In Avenida da Liberdade c'era una signora con una borsa lussuosa, un capello distinto, una gonna elegante e le calze cucite e strappate in tanti punti. Probabilmente, una delle presenze più vere che abbia mai trovato.
La verità di quella signora comprendeva tanto il trucco irreprensibile quanto quegli insoliti buchi sopra le gambe. È lei, l'Avenida da Liberdade. La Pans&Company delle signore in pelliccia. L'ho vista in quel strano momento in cui non sapevo in che lingua stavo pensando, al ritorno delle lezioni di italiano, scendendo la Salitre fino ad arrivare lì. Faccio un po' di fatica a capire esattamente cosa sia Lisbona, ma questo è il suo viale centrale, la più inquinata, trafficata e viaggiata delle vie alfacinhas, col tenero nome di libertà.

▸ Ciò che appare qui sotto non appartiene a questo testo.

(* Let $\underline a=\{a_i\}_{i\in I}$ be a pseudo-Cauchy sequence in $K$ such that $I^*$ has no maximum, and such that either $\underline a$ is of transcendental type, or $\underline a$ is of algebraic type with $\gamma_{\underline a}\neq\infty$. Let $g\in K[x]$ be such that every polynomial of degree smaller than $\deg g$ is fixed by $\underline a$. Then $v(g(a_i))=\nu_i(g)$ for all sufficiently large $i\in I^*$.
   Context: $(K,v)$ is a valued field with value group $\Gamma$. A pseudo-Cauchy sequence is $\underline a=\{a_i\}_{i\in I}\subseteq K$ with $I$ a well-ordered set of at least two elements such that $v(a_i-a_j)<v(a_j-a_k)$ whenever $i<j<k$. $I^*=I\setminus\{\max I\}$ if $I$ has a maximum, else $I^*=I$. For $i\in I^*$, $\gamma_i:=v(a_{i+1}-a_i)$ ($i+1$ the successor of $i$) and $\nu_i:=v_{a_i,\gamma_i}$, where $v_{a,\gamma}(\sum_k b_k(x-a)^k)=\min_k\{v(b_k)+k\gamma\}$. A polynomial $f$ is fixed by $\underline a$ if $\{v(f(a_i))\}_{i\in I}$ is ultimately constant. When $I^*$ has no maximum, $\underline a$ is of transcendental type if every $f\in K[x]$ is fixed by $\underline a$, and of algebraic type otherwise. For $\underline a$ of algebraic type, let $F$ be a monic polynomial of smallest degree not fixed by $\underline a$, $D=\{\alpha\in\Gamma_{\mathbb Q}\mid\alpha\le\nu_i(F)\text{ for some }i\in I^*\}$ ($\Gamma_{\mathbb Q}$ the divisible hull of $\Gamma$), and $\gamma_{\underline a}=\infty$ if $D=\Gamma_{\mathbb Q}$, and otherwise $\gamma_{\underline a}$ is the element of the universal ordered group realizing the quasi-cut $(D,\Gamma_{\mathbb Q}\setminus D)$ (in particular $\gamma_{\underline a}\neq\infty$ iff $D\neq\Gamma_{\mathbb Q}$). *)

From HB Require Import structures.
From mathcomp Require Import all_boot all_order all_algebra.
Set Implicit Arguments. Unset Strict Implicit. Unset Printing Implicit Defensive.
Import Order.TTheory GRing.Theory.
Local Open Scope ring_scope.

Record oag (G : zmodType) := OAG {
  ole : G -> G -> bool;
  ole_refl : forall x, ole x x;
  ole_trans : forall x y z, ole x y -> ole y z -> ole x z;
  ole_anti : forall x y, ole x y -> ole y x -> x = y;
  ole_total : forall x y, ole x y || ole y x;
  ole_add : forall x y z, ole x y -> ole (x + z) (y + z) }.
(* Let $d\ge 1$ and let $\mathcal{G}\in\mathbb{R}^{N_1\times\cdots\times N_d\times T}$ be a real tensor of order $d+1$. For each $n\in\{1,\dots,d\}$ let $1\le r_n<N_n$, and let $\Phi_n\in\mathbb{R}^{N_n\times r_n}$ be the matrix whose columns are the $r_n$ leading left singular vectors of the mode-$n$ unfolding $G_{(n)}$, i.e. the left factor of a truncated rank-$r_n$ SVD $G_{(n)}\approx \Phi_n\Sigma_{r_n}^{(n)}(V_{r_n}^{(n)})^\top$. Let $S_n\in\mathbb{R}^{N_n\times r_n}$ be obtained from a column-pivoted QR factorization $\Phi_n^\top[P_1^{(n)}\ P_2^{(n)}]=Q_1^{(n)}[R_{11}^{(n)}\ R_{12}^{(n)}]$ (with $[P_1^{(n)}\ P_2^{(n)}]$ an $N_n\times N_n$ permutation matrix) by setting $S_n:=P_1^{(n)}$, the first $r_n$ columns of the permutation matrix, and assume that $S_n^\top\Phi_n$ is invertible for every $1\le n\le d$. Define the matrices $\Pi_n:=\Phi_n(S_n^\top\Phi_n)^{-1}S_n^\top\in\mathbb{R}^{N_n\times N_n}$. Then $$\bigl\|\mathcal{G}-\mathcal{G}\times_1\Pi_1\times_2\Pi_2\cdots\times_d\Pi_d\bigr\|_F\;\le\;\Bigl(\prod_{n=1}^d\bigl\|(S_n^\top\Phi_n)^{-1}\bigr\|_2\Bigr)\Bigl(\sum_{n=1}^d\sum_{k>r_n}\sigma_k^2\bigl(G_{(n)}\bigr)\Bigr)^{1/2},$$ where $\sigma_k(G_{(n)})$ denotes the $k$-th largest singular value of $G_{(n)}$.
   Context: For a tensor $\mathcal{G}$ of order $m$ with entries $g_{i_1,\dots,i_m}$, the mode-$n$ unfolding (matricization) $G_{(n)}$ is the matrix whose rows are indexed by $i_n$ and whose columns are indexed by all remaining indices $(i_j)_{j\neq n}$ (in a fixed ordering). The mode-$n$ product of $\mathcal{G}$ with a matrix $M\in\mathbb{R}^{R\times N_n}$ is the tensor $\mathcal{Y}=\mathcal{G}\times_n M$ with entries $y_{i_1,\dots,j,\dots,i_m}=\sum_{k}g_{i_1,\dots,k,\dots,i_m}m_{jk}$ ($j$ in position $n$), equivalently $Y_{(n)}=MG_{(n)}$; products in distinct modes commute. $\|\mathcal{G}\|_F^2=\sum g_{i_1,\dots,i_m}^2$ is the Frobenius norm and $\|\cdot\|_2$ is the spectral norm of a matrix. Note that only the first $d$ (spatial) modes are multiplied; mode $d+1$ (of size $T$) is left unchanged. *)

From HB Require Import structures.
From mathcomp Require Import all_boot all_order all_algebra perm.
From mathcomp Require Import boolp classical_sets reals.
Unset Printing Implicit Defensive.
Import Order.TTheory GRing.Theory Num.Theory.
Local Open Scope ring_scope.

Definition midx (d : nat) (N : 'I_d -> nat) := {dffun forall m : 'I_d, 'I_(N m)}.

Section Tensors.
Variable R : realType.
Variables (d : nat) (N : 'I_d -> nat) (T : nat).

Local Notation midx := {dffun forall m : 'I_d, 'I_(N m)}.

(* order-(d+1) tensor in R^{N_1 x ... x N_d x T}; last mode is time *)
Definition tensor := midx -> 'I_T -> R.

Definition upd (i : midx) (n : 'I_d) (k : 'I_(N n)) : midx :=
  finfun (fun m => if m == n then insubd (i m) (val k) else i m).

Definition mode_prod (G : tensor) (n : 'I_d) (M : 'M[R]_(N n)) : tensor :=
  fun (i : midx) (t : 'I_T) => \sum_(k < N n) M (i n) k * G (upd i n k) t.

Definition mode_prods (G : tensor) (M : forall n : 'I_d, 'M[R]_(N n)) : tensor :=
  foldl (fun H n => mode_prod H n (M n)) G (enum 'I_d).

Definition tensor_sub (G H : tensor) : tensor := fun i t => G i t - H i t.

Definition frob (G : tensor) : R :=
  Num.sqrt (\sum_(i : midx) \sum_(t < T) G i t ^+ 2).

(* column indices of the mode-n unfolding: all remaining indices
   (i_m)_{m <> n} and t; realised as multi-indices whose n-th entry is 0 *)
Definition colidx (n : 'I_d) :=
  ({i : midx | nat_of_ord (i n) == 0%N} * 'I_T)%type.

Definition ncols (n : 'I_d) := #|{: colidx n}|.

(* mode-n unfolding G_(n) (columns in the fixed ordering given by enum) *)
Definition unfold (G : tensor) (n : 'I_d) : 'M[R]_(N n, ncols n) :=
  \matrix_(a < N n, j < ncols n)
    let c := @enum_val (colidx n) predT j in G (upd (val c.1) n a) c.2.

End Tensors.

Section Matrices.
Variable R : realType.

(* full SVD  A = U diag(s) V^T, with U, V orthogonal, s nonnegative and
   nonincreasing; s k = sigma_{k+1}(A) (0-indexed), zero beyond min(m,p) *)
Definition is_svd {m p : nat} (A : 'M[R]_(m, p)) (U : 'M[R]_m) (s : nat -> R)
    (V : 'M[R]_p) : Prop :=
  [/\ U^T *m U = 1%:M, V^T *m V = 1%:M,
      (forall k, 0 <= s k) /\ (forall k l, (k <= l)%N -> s l <= s k),
      (forall k, (minn m p <= k)%N -> s k = 0) &
      A = U *m (\matrix_(i < m, j < p) if (i == j :> nat) then s i else 0) *m V^T].

Definition leading_cols {m p r : nat} (A : 'M[R]_(m, p)) (B : 'M[R]_(m, r)) : Prop :=
  forall (i : 'I_m) (j : 'I_r) (j' : 'I_p), (j : nat) = j' -> B i j = A i j'.

(* column-pivoted (Businger-Golub) QR:  A P = Q [R11 R12], Q orthogonal,
   [R11 R12] upper trapezoidal, and the pivoting property: at step k the
   diagonal entry dominates the norms of the trailing parts of all later
   columns *)
Definition is_cpqr {r p : nat} (A : 'M[R]_(r, p)) (P : 'M[R]_p) (Q : 'M[R]_r)
    (Rm : 'M[R]_(r, p)) : Prop :=
  [/\ A *m P = Q *m Rm, Q^T *m Q = 1%:M,
      (forall (i : 'I_r) (j : 'I_p), (j < i)%N -> Rm i j = 0) &
      (forall (k : 'I_r) (k' j : 'I_p), (k : nat) = k' -> (k' <= j)%N ->
          \sum_(i < r | (k <= i)%N) Rm i j ^+ 2 <= Rm k k' ^+ 2)].

Definition vnorm {n : nat} (x : 'cV[R]_n) : R := Num.sqrt (\sum_i x i 0 ^+ 2).

Definition spec_norm {m n : nat} (A : 'M[R]_(m, n)) : R :=
  sup [set vnorm (A *m x) | x in [set x : 'cV[R]_n | vnorm x = 1]].

End Matrices.

Arguments is_svd {R m p}.
Arguments leading_cols {R m p r}.
Arguments is_cpqr {R r p}.
Arguments vnorm {R n}.
Arguments spec_norm {R m n}.
Arguments mode_prod {R d N T}.
Arguments mode_prods {R d N T}.
Arguments tensor_sub {R d N T}.
Arguments frob {R d N T}.
Arguments unfold {R d N T}.
Arguments upd {d N}.

From HB Require Import structures.
From mathcomp Require Import all_boot all_order all_algebra perm.
From mathcomp Require Import boolp classical_sets functions reals.
From mathcomp Require Import ring lra.

(* Write P and Pi for the maps G |-> G x_1 P_1 ... x_d P_d and
   G |-> G x_1 Pi_1 ... x_d Pi_d, where P_n = Phi_n Phi_n^T is the orthogonal
   projection onto the leading left singular vectors.  The projections
   satisfy Pi P = P and P Pi = Pi, so G - Pi G = y - Pi y with y = G - P G
   orthogonal to Pi y; the argument proving |I - Pi| = |Pi| for an oblique
   projection then gives |G - Pi G|^2 <= |Pi|^2 |G - P G|^2, and
   |Pi| <= prod_n |(S_n^T Phi_n)^-1| because S_n^T is a contraction.
   Since the P_n act on distinct modes, |G - P G|^2 <= sum_n |G - G x_n P_n|^2,
   and the n-th term is the tail sum_{k >= r_n} sigma_k^2 of the SVD of the
   mode-n unfolding. *)

Set Implicit Arguments.
Unset Strict Implicit.
Unset Printing Implicit Defensive.

Import Order.TTheory GRing.Theory Num.Theory.
Local Open Scope ring_scope.

Section ProjectionBounds.
Variables (R : realFieldType) (V : lmodType R) (form : V -> V -> R).
Hypothesis formC : forall x y, form x y = form y x.
Hypothesis formDl : forall x y z, form (x + y) z = form x z + form y z.
Hypothesis formZl : forall a x z, form (a *: x) z = a * form x z.
Hypothesis form_ge0 : forall x, 0 <= form x x.

Lemma form0l z : form 0 z = 0.
Proof. by have := formZl 0 0 z; rewrite scale0r mul0r. Qed.

Lemma formBl x y z : form (x - y) z = form x z - form y z.
Proof. by rewrite formDl -scaleN1r formZl mulN1r. Qed.

Lemma formDr x y z : form z (x + y) = form z x + form z y.
Proof. by rewrite !(formC z) formDl. Qed.

Lemma formZr a x z : form z (a *: x) = a * form z x.
Proof. by rewrite !(formC z) formZl. Qed.

Lemma formBr x y z : form z (x - y) = form z x - form z y.
Proof. by rewrite !(formC z) formBl. Qed.

Lemma form_orthD x y : form x y = 0 -> form (x + y) (x + y) = form x x + form y y.
Proof. by move=> xy; rewrite formDl !formDr (formC y) xy addr0 add0r. Qed.

Lemma form_orthB x y : form x y = 0 -> form (x - y) (x - y) = form x x + form y y.
Proof. by move=> xy; rewrite formBl !formBr (formC y) xy subr0 sub0r opprK. Qed.

Section OrthogonalProjection.
Variable P : {linear V -> V}.
Hypothesis P_sym : forall x y, form (P x) y = form x (P y).
Hypothesis P_id : forall x, P (P x) = P x.

Lemma form_sub_proj_proj x y : form (x - P x) (P y) = 0.
Proof. by rewrite -P_sym linearB /= P_id subrr form0l. Qed.

Lemma form_proj_le x : form (P x) (P x) <= form x x.
Proof.
have -> : x = (x - P x) + P x by rewrite subrK.
rewrite linearD /= linearB /= P_id subrr add0r form_orthD ?form_sub_proj_proj //.
by rewrite lerDr form_ge0.
Qed.

Lemma form_sub_comp_proj_le (Q : {linear V -> V}) x :
    (forall y, P (Q y) = Q (P y)) ->
  form (x - Q (P x)) (x - Q (P x)) <= form (x - P x) (x - P x) + form (x - Q x) (x - Q x).
Proof.
move=> PQ; have -> : x - Q (P x) = (x - P x) + P (x - Q x).
  by rewrite linearB /= PQ addrA subrK.
by rewrite form_orthD ?form_sub_proj_proj // lerD2l form_proj_le.
Qed.

Lemma form_sub_oblique_le (Pi : {linear V -> V}) (c : R) x :
    (forall y, Pi (P y) = P y) -> (forall y, P (Pi y) = Pi y) ->
    (forall y, form (Pi y) (Pi y) <= c * form y y) -> 1 <= c ->
  form (x - Pi x) (x - Pi x) <= c * form (x - P x) (x - P x).
Proof.
move=> PiP PPi Pi_le c_ge1.
set y := x - P x; set w := Pi y.
have Piy : w = Pi x - P x by rewrite /w /y linearB /= PiP.
have Pw : P w = w by rewrite PPi.
have Piw : Pi w = w by rewrite -Pw PiP.
have yw : form y w = 0 by rewrite -Pw form_sub_proj_proj.
have -> : x - Pi x = y - w by rewrite Piy /y opprB addrA subrK.
rewrite form_orthB //.
set u := form y y; set v := form w w.
have u0 : 0 <= u by exact: form_ge0.
have v0 : 0 <= v by exact: form_ge0.
(* [z] is chosen so that [Pi z = (u + v) w] while [|z|^2 = u v (u + v)]. *)
pose z := v *: y + u *: w.
have Piz : Pi z = (u + v) *: w by rewrite linearD !linearZ /= Piw -scalerDl addrC.
have z2 : form z z = v ^+ 2 * u + u ^+ 2 * v.
  rewrite form_orthD; last by rewrite formZl formZr yw !mulr0.
  by rewrite !formZl !formZr -/u -/v; ring.
have := Pi_le z; rewrite Piz z2 formZl formZr -/v => key.
have [->|v_neq0] := eqVneq v 0; first by rewrite addr0; nra.
have v_gt0 : 0 < v by rewrite lt_def v_neq0.
have uv_gt0 : 0 < (u + v) * v by rewrite mulr_gt0 // ltr_wpDl.
nra.
Qed.

End OrthogonalProjection.
End ProjectionBounds.

Section MatrixNorms.
Variable R : realType.

Definition mxdot {m p} (X Y : 'M[R]_(m, p)) : R := \sum_i \sum_j X i j * Y i j.

Lemma mxdotC {m p} (X Y : 'M[R]_(m, p)) : mxdot X Y = mxdot Y X.
Proof. by apply: eq_bigr => i _; apply: eq_bigr => j _; rewrite mulrC. Qed.

Lemma mxdotDl {m p} (X Y Z : 'M[R]_(m, p)) : mxdot (X + Y) Z = mxdot X Z + mxdot Y Z.
Proof.
rewrite /mxdot -big_split; apply: eq_bigr => i _.
by rewrite -big_split; apply: eq_bigr => j _; rewrite mxE mulrDl.
Qed.

Lemma mxdotZl {m p} a (X Z : 'M[R]_(m, p)) : mxdot (a *: X) Z = a * mxdot X Z.
Proof.
rewrite /mxdot mulr_sumr; apply: eq_bigr => i _.
by rewrite mulr_sumr; apply: eq_bigr => j _; rewrite mxE mulrA.
Qed.

Lemma mxdot_ge0 {m p} (X : 'M[R]_(m, p)) : 0 <= mxdot X X.
Proof. by do 2!apply: sumr_ge0 => ? _; rewrite -expr2 sqr_ge0. Qed.

Lemma mxdot_tr {m p} (X Y : 'M[R]_(m, p)) : mxdot X^T Y^T = mxdot X Y.
Proof. by rewrite /mxdot exchange_big; do 2!apply: eq_bigr => ? _; rewrite !mxE. Qed.

Lemma mxdot_mull {m n p} (A : 'M[R]_(m, n)) (X : 'M[R]_(n, p)) Y :
  mxdot (A *m X) Y = mxdot X (A^T *m Y).
Proof.
rewrite /mxdot.
under eq_bigr => i _ do under eq_bigr => j _ do rewrite mxE mulr_suml.
under [RHS]eq_bigr => k _ do under eq_bigr => j _ do rewrite mxE mulr_sumr.
under eq_bigr => i _ do rewrite exchange_big.
rewrite exchange_big; apply: eq_bigr => k _; rewrite exchange_big.
by do 2!apply: eq_bigr => ? _; rewrite mxE mulrCA mulrA.
Qed.

Lemma mxdot_col {m p} (X : 'M[R]_(m, p)) : mxdot X X = \sum_j mxdot (col j X) (col j X).
Proof.
rewrite /mxdot exchange_big; apply: eq_bigr => j _; apply: eq_bigr => i _.
by rewrite big_ord1 !mxE.
Qed.

Lemma mxdot_isometry {m n p} (Q : 'M[R]_(m, n)) (X : 'M[R]_(n, p)) :
  Q^T *m Q = 1%:M -> mxdot (Q *m X) (Q *m X) = mxdot X X.
Proof. by move=> QQ; rewrite mxdot_mull mulmxA QQ mul1mx. Qed.

Lemma mxdot_coisometry_le {m n p} (Q : 'M[R]_(m, n)) (X : 'M[R]_(m, p)) :
  Q^T *m Q = 1%:M -> mxdot (Q^T *m X) (Q^T *m X) <= mxdot X X.
Proof.
move=> QQ; pose P := Q *m Q^T.
have P_sym (Y Z : 'M_(m, p)) : mxdot (P *m Y) Z = mxdot Y (P *m Z).
  by rewrite mxdot_mull /P trmx_mul trmxK.
have P_id (Y : 'M_(m, p)) : P *m (P *m Y) = P *m Y by rewrite mulmxA /P mulmxA -(mulmxA Q) QQ mulmx1.
have -> : mxdot (Q^T *m X) (Q^T *m X) = mxdot (P *m X) (P *m X).
  by rewrite P_sym P_id mxdot_mull trmxK mulmxA.
exact: (form_proj_le mxdotC mxdotDl mxdotZl mxdot_ge0 P_sym P_id).
Qed.

Lemma vnormE {m} (x : 'cV[R]_m) : vnorm x = Num.sqrt (mxdot x x).
Proof. by congr Num.sqrt; apply: eq_bigr => i _; rewrite big_ord1 expr2. Qed.

Lemma mxdot_delta {m} (i : 'I_m) : mxdot (delta_mx i 0 : 'cV[R]_m) (delta_mx i 0) = 1.
Proof.
rewrite /mxdot (bigD1 i) //= big_ord1 !mxE !eqxx mulr1 big1 ?addr0 // => k /negbTE ki.
by rewrite big_ord1 !mxE ki mul0r.
Qed.

Lemma unit_vector_entry_le1 {m} (x : 'cV[R]_m) i : vnorm x = 1 -> `|x i 0| <= 1.
Proof.
rewrite vnormE => /(congr1 (fun t => t ^+ 2)); rewrite sqr_sqrtr ?mxdot_ge0 // expr1n.
move=> x1; rewrite -(expr_le1 (n := 2)) // real_normK ?num_real // -x1 /mxdot.
rewrite (bigD1 i) //= big_ord1 expr2 lerDl.
by apply: sumr_ge0 => k _; rewrite big_ord1 -expr2 sqr_ge0.
Qed.

Lemma mxdot0l {m p} (X : 'M[R]_(m, p)) : mxdot 0 X = 0.
Proof. by rewrite /mxdot big1 // => i _; rewrite big1 // => j _; rewrite mxE mul0r. Qed.
Lemma cycle_period_qpn p n h : prime p -> (1 <= n)%N -> OK h ->
  psmul h (psdisp (q * p ^ n.-1)) = psdisp (q * p ^ n) ->
  wideg_is v h (q * p ^ n) ->
  (forall z0, periodic_pt v f (q * p ^ n.-1) z0 ->
     ps_eval v (psderiv (psiter f (q * p ^ n))) z0 != 1) ->
  (exists z0, min_period v f (q * p ^ n) z0 /\
     forall w, min_period v f (q * p ^ n) w -> exists k, w = dyn v f k z0) /\
  (forall z0, min_period v f (q * p ^ n) z0 ->
     v z0 = powR (v (lam ^+ (q * p ^ n) - 1) / v (lam ^+ (q * p ^ n.-1) - 1))
                 (q * p ^ n)%:R^-1).
Proof.
move=> pp n1 hOK hmul hw hder.
set N := (q * p ^ n)%N in hmul hw hder *; set M := (q * p ^ n.-1)%N in hmul hder *.
have M0 : (0 < M)%N by rewrite muln_gt0 q_gt0 expn_gt0 prime_gt0.
have MN : (M < N)%N by rewrite ltn_pmul2l // ltn_exp2l ?prime_gt1 // prednK.
have N0 : (0 < N)%N := ltn_trans M0 MN.
have evN x : v x < 1 -> dyn v f N x - x = ps_eval v h x * (dyn v f M x - x).
  by move=> hx; rewrite -!ps_eval_psdisp // -hmul ps_eval_mul //; apply: OK_psdisp.
have hM x : v x < 1 -> ps_eval v h x = 0 -> dyn v f M x != x.
  move=> hx hx0; apply/eqP => hMx; move: (hder x (conj hx hMx)).
  by rewrite (ps_eval_psderiv_psiter_eq1 hOK hmul) ?eqxx.
have [rs [srs hroot hsmall hprod]] := weierstrass_roots hOK hw.
have rsP y : v y < 1 -> y \in rs <-> dyn v f N y = y /\ dyn v f M y != y.
  move=> hy; rewrite -hroot //; split=> [hy0 | [hNy hMy]].
    by split; [apply/eqP; rewrite -subr_eq0 evN // hy0 mul0r | exact: hM].
  move: (evN y hy); rewrite hNy subrr => /esym/eqP.
  by rewrite mulf_eq0 subr_eq0 (negbTE hMy) orbF => /eqP.
have hper x : x \in rs -> min_period v f N x.
  move=> xrs; have hx := hsmall x xrs; have [hNx hMx] := (rsP x hx).1 xrs.
  apply: min_period_qpn => //; apply: contra_neq hMx => ->.
  by rewrite dyn_at0.
have hinv x j : x \in rs -> dyn v f j x \in rs.
  move=> xrs; have hx := hsmall x xrs; have [hNx hMx] := (rsP x hx).1 xrs.
  apply/(rsP _ _).2; first by rewrite v_dyn.
  split; first by rewrite dynC hNx.
  apply: contra_neq hMx => e; apply: (dyn_inj_periodic (j := j) N0 _ hNx).
    by rewrite dynC hNx.
  by rewrite dynC e.
have [r [rrs mr orb vrs]] := cycle_of_roots N0 srs hper hinv.
have inrs w : min_period v f N w -> w \in rs.
  case=> hw1 _ hwN hmin; apply/rsP => //; split => //.
  by apply/eqP; apply: hmin; rewrite M0 MN.
split; first by exists r; split => // w /inrs /orb.
have lamM : lam ^+ M != 1.
  have hp0 : periodic_pt v f M 0 by rewrite /periodic_pt dyn_at0 v0.
  have NMp : N = (M * p)%N by rewrite /N /M -mulnA -expnSr prednK.
  apply: contra_neq (hder 0 hp0) => lM.
  by rewrite ps_eval_psderiv_psiter_at0 NMp exprM lM expr1n.
by move=> w /inrs wrs; rewrite vrs // -hprod (v_quotient_coef0 hmul lamM).
Qed.

End PeriodicOrbits.
End Dynamics.
End Splitting.
End Evaluation.
End ValuedField.

Theorem proposition5p1 (R : realType) (K : closedFieldType) (v : K -> R)
  (p q : nat) (lam : K) (f : pser K) :
  ultra_abs v -> nontrivial_abs v -> complete_abs v ->
  residue_char v p ->
  (0 < q)%N -> ~~ (p %| q)%N ->
  v lam = 1 -> residue_order v lam q ->
  f 0%N = 0 -> f 1%N = lam -> ps_in_OK v f ->
  (* (1) *)
  (wideg_is v (pssub (psiter f q) (@psX K)) q.+1 -> lam ^+ q != 1 ->
     (exists w0, min_period v f q w0 /\ w0 != 0 /\
        forall w, min_period v f q w -> w != 0 -> exists k, w = dyn v f k w0) /\
     (forall w, min_period v f q w -> w != 0 ->
        v w = powR (v (lam ^+ q - 1)) (q%:R^-1))) /\
  (* (2) *)
  (forall n : nat, (1 <= n)%N ->
     (exists h : pser K,
        ps_in_OK v h /\
        (exists i, pssub (psiter f (q * p ^ n.-1)) (@psX K) i != 0) /\
        psmul h (pssub (psiter f (q * p ^ n.-1)) (@psX K))
          = pssub (psiter f (q * p ^ n)) (@psX K) /\
        wideg_is v h (q * p ^ n)) ->
     (forall z0, periodic_pt v f (q * p ^ n.-1) z0 ->
        ps_eval v (psderiv (psiter f (q * p ^ n))) z0 != 1) ->
     (exists z0, min_period v f (q * p ^ n) z0 /\
        forall w, min_period v f (q * p ^ n) w -> exists k, w = dyn v f k z0) /\
     (forall z0, min_period v f (q * p ^ n) z0 ->
        v z0 = powR (v (lam ^+ (q * p ^ n) - 1) / v (lam ^+ (q * p ^ n.-1) - 1))
                    ((q * p ^ n)%:R^-1))).
Proof.
move=> Hv _ Hc [pp _] q0 _ vlam hres f0 f1 fOK.
have splits (P : {poly K}) : exists rs, P = lead_coef P *: \prod_(z <- rs) ('X - z%:P).
  by have [rs ?] := closed_field_poly_normal P; exists rs.
split; first exact: (cycle_period_q Hv Hc splits f0 f1 fOK vlam q0 hres).
move=> n n1 [h [hOK [_ [hmul hw]]]].
exact: (cycle_period_qpn Hv Hc splits f0 f1 fOK vlam q0 hres pp n1 hOK hmul hw).
Qed.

Qualche metro prima della signora, ho trovato dei ragazzi che raccoglievano fondi per aiutare i cani abbandonati. Ancora sopra, un labirinto di scatole di cartone - la casa davanti alla porta di un negozio vuoto, il luogo (di giorno disabitato) di un senzatetto. Più in giù ci sono tanti teatri, ristoranti e alberghi ricchi, al di là si arriva pure al servizio centrale dei cittadini. Negli intervalli tra semafori e fili di verde, metallo e pietra, ci sono diversi negozi, soprattutto di quelli in cui non si vedono i prezzi.
L'Avenida da Liberdade è il realismo nella performance di Lisbona. Il lusso vuoto ma centrale, con la povertà alla porta, il fumo dell'immenso passaggio, il pezzo-giardino ben arrangiato, le calze rotte. Quella signora, con la schiena più dritta rispetto a me, era fatta dal più vero che c'è. Le gambe erano gonfie e pesanti. Saliva una scala mobile davanti a me, non l'ho fotografata.